After their divorce she had been cautious about allowing herself to get involved with other men. Sex had been something she had pushed to the back of her mind and out of her life. She had the boys, and the excitement of a burgeoning career to keep her fulfilled and busy.
And then she had met Marcus. He had patiently encouraged her to put aside her wariness and caution and to learn to celebrate and enjoy her sexuality. He was a very sensual lover. And a very experienced one?
She frowned as she felt the tiny tremor of anxiety touch her spine. What was she worrying about now? Marcus had always been open and honest with her, making no secret of the fact that there had been other women in his life before they had met. He was not a promiscuous man but it would have been naïve of her to believe that he had lived a celibate life in the years between the break-up of his first marriage and their first meeting.
Her frown deepened as she remembered how, the last time she had visited them, Vanessa had asked her if she ever got jealous or worried that Marcus might leave her for someone younger.
‘Most men Dad’s age marry someone a lot younger,’ Vanessa had commented. ‘Women aren’t attractive to men once they’re middle-aged.’
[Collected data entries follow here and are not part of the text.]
Lemma pACol_omega k (s : labelling) :
  pACol (omega k s) = flatten [seq level_word s t | t <- iota 1 k].
Proof.
rewrite /pACol /omega -map_comp; congr flatten; apply: eq_map => t /=.
by rewrite /omega_t; case: (level_word s t).
Qed.

Theorem corollary5p2 (n k : nat) (s : labelling) :
  (1 <= k)%N -> in_GT n k s -> highest_weight n (omega k s).
Proof.
move=> _ [s_labelling _] i i_range.
have [word_ballot _] := levels_ballot s_labelling i_range (leqnn k).
by rewrite /eACol_defined /ekash pACol_omega (ballot_escan 0 word_ballot).
Qed.
(* Let $\theta\mapsto\mathcal E_\theta$ be a differentiable family of unital quantum channels on $d\times d$ matrices with Kraus operators $\{K_i^\theta\}$ and Liouville representation $T_\theta=\sum_iK_i^\theta\otimes K_i^{\theta*}$, and let $\theta_0$ be a parameter value. Denote by $P$ the projection onto the subspace $\mathcal P$ spanned by the eigenvectors of $T_\theta^\dagger T_\theta$ with eigenvalue $1$. Suppose that at $\theta=\theta_0$: (i) $PT_\theta^\dagger\dot T_\theta P\neq0$ and $PT_\theta^\dagger\dot T_\theta P$ is a normal operator; and (ii) there exist a unitary $U_c$ and a matrix $R_0$ with $|R_0\rangle\rangle$ an eigenvector of $PT_\theta^\dagger\dot T_\theta P$ associated with a nonzero eigenvalue, such that $$U_c^\dagger R_0U_c=\sum_kK_k^{\theta_0}R_0K_k^{\theta_0\dagger}.$$ Then the sequential QFI of $N$ channels can achieve the Heisenberg limit by applying the same unitary control $U_c$ after each channel: there exists an input state $\rho_0$ (independent of $N$) such that, with $\rho_\theta^{(N)}=(\mathcal U_c\circ\mathcal E_\theta)^N(\rho_0)$ where $\mathcal U_c(\rho)=U_c\rho U_c^\dagger$, one has $\liminf_{N\to\infty}F^Q(\rho_\theta^{(N)})|_{\theta=\theta_0}/N^2>0$.
   Context: Unital means $\mathcal E_\theta(I)=I$ (channels are trace preserving). For a $d\times d$ matrix $A$, $|A\rangle\rangle=(A_{11},A_{12},\dots,A_{dd})^T$ is its vectorization and $\langle\langle A|B\rangle\rangle=\operatorname{Tr}(A^\dagger B)$; then $T_\theta|\rho\rangle\rangle=|\mathcal E_\theta(\rho)\rangle\rangle$, and the controlled channel $\mathcal U_c\circ\mathcal E_\theta$ has Liouville representation $(U_c\otimes U_c^* )T_\theta$. $T_\theta^\dagger$ is the conjugate transpose of the $d^2\times d^2$ matrix $T_\theta$, and $\dot T_\theta=dT_\theta/d\theta$; $P$ and $PT_\theta^\dagger\dot T_\theta P$ are evaluated at $\theta=\theta_0$. $F^Q(\rho_\theta)=\operatorname{Tr}(\rho_\theta L_{\rho_\theta}^2)$ is the quantum Fisher information with symmetric logarithmic derivative defined by $2\dot\rho_\theta=\rho_\theta L_{\rho_\theta}+L_{\rho_\theta}\rho_\theta$. No ancilla is used. *)

From HB Require Import structures.
From mathcomp Require Import all_boot all_order all_algebra.
From mathcomp Require Import all_classical all_reals.
From mathcomp Require Import topology normedtype derive.
From mathcomp Require Import complex mxtens.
‘That’s not true, Vanessa,’ she had countered as firmly as she could, trying to dismiss her own personal feelings and to concentrate instead on her concern that already, while still only in her teens, Vanessa was being dragged into the female trap of perceiving her own sex as only being able to have a valid sense of self-worth when rated by their desirability to men; but Vanessa had shrugged her shoulders and walked away from her, telling her unkindly over her shoulder, ‘You’re only saying that because you’re old.’
Old… at thirty-eight?
Marcus arrived home just after one. She had been asleep but she woke up when he walked into the bedroom, smiling sleepily at him as she asked, ‘Did you have a good time?’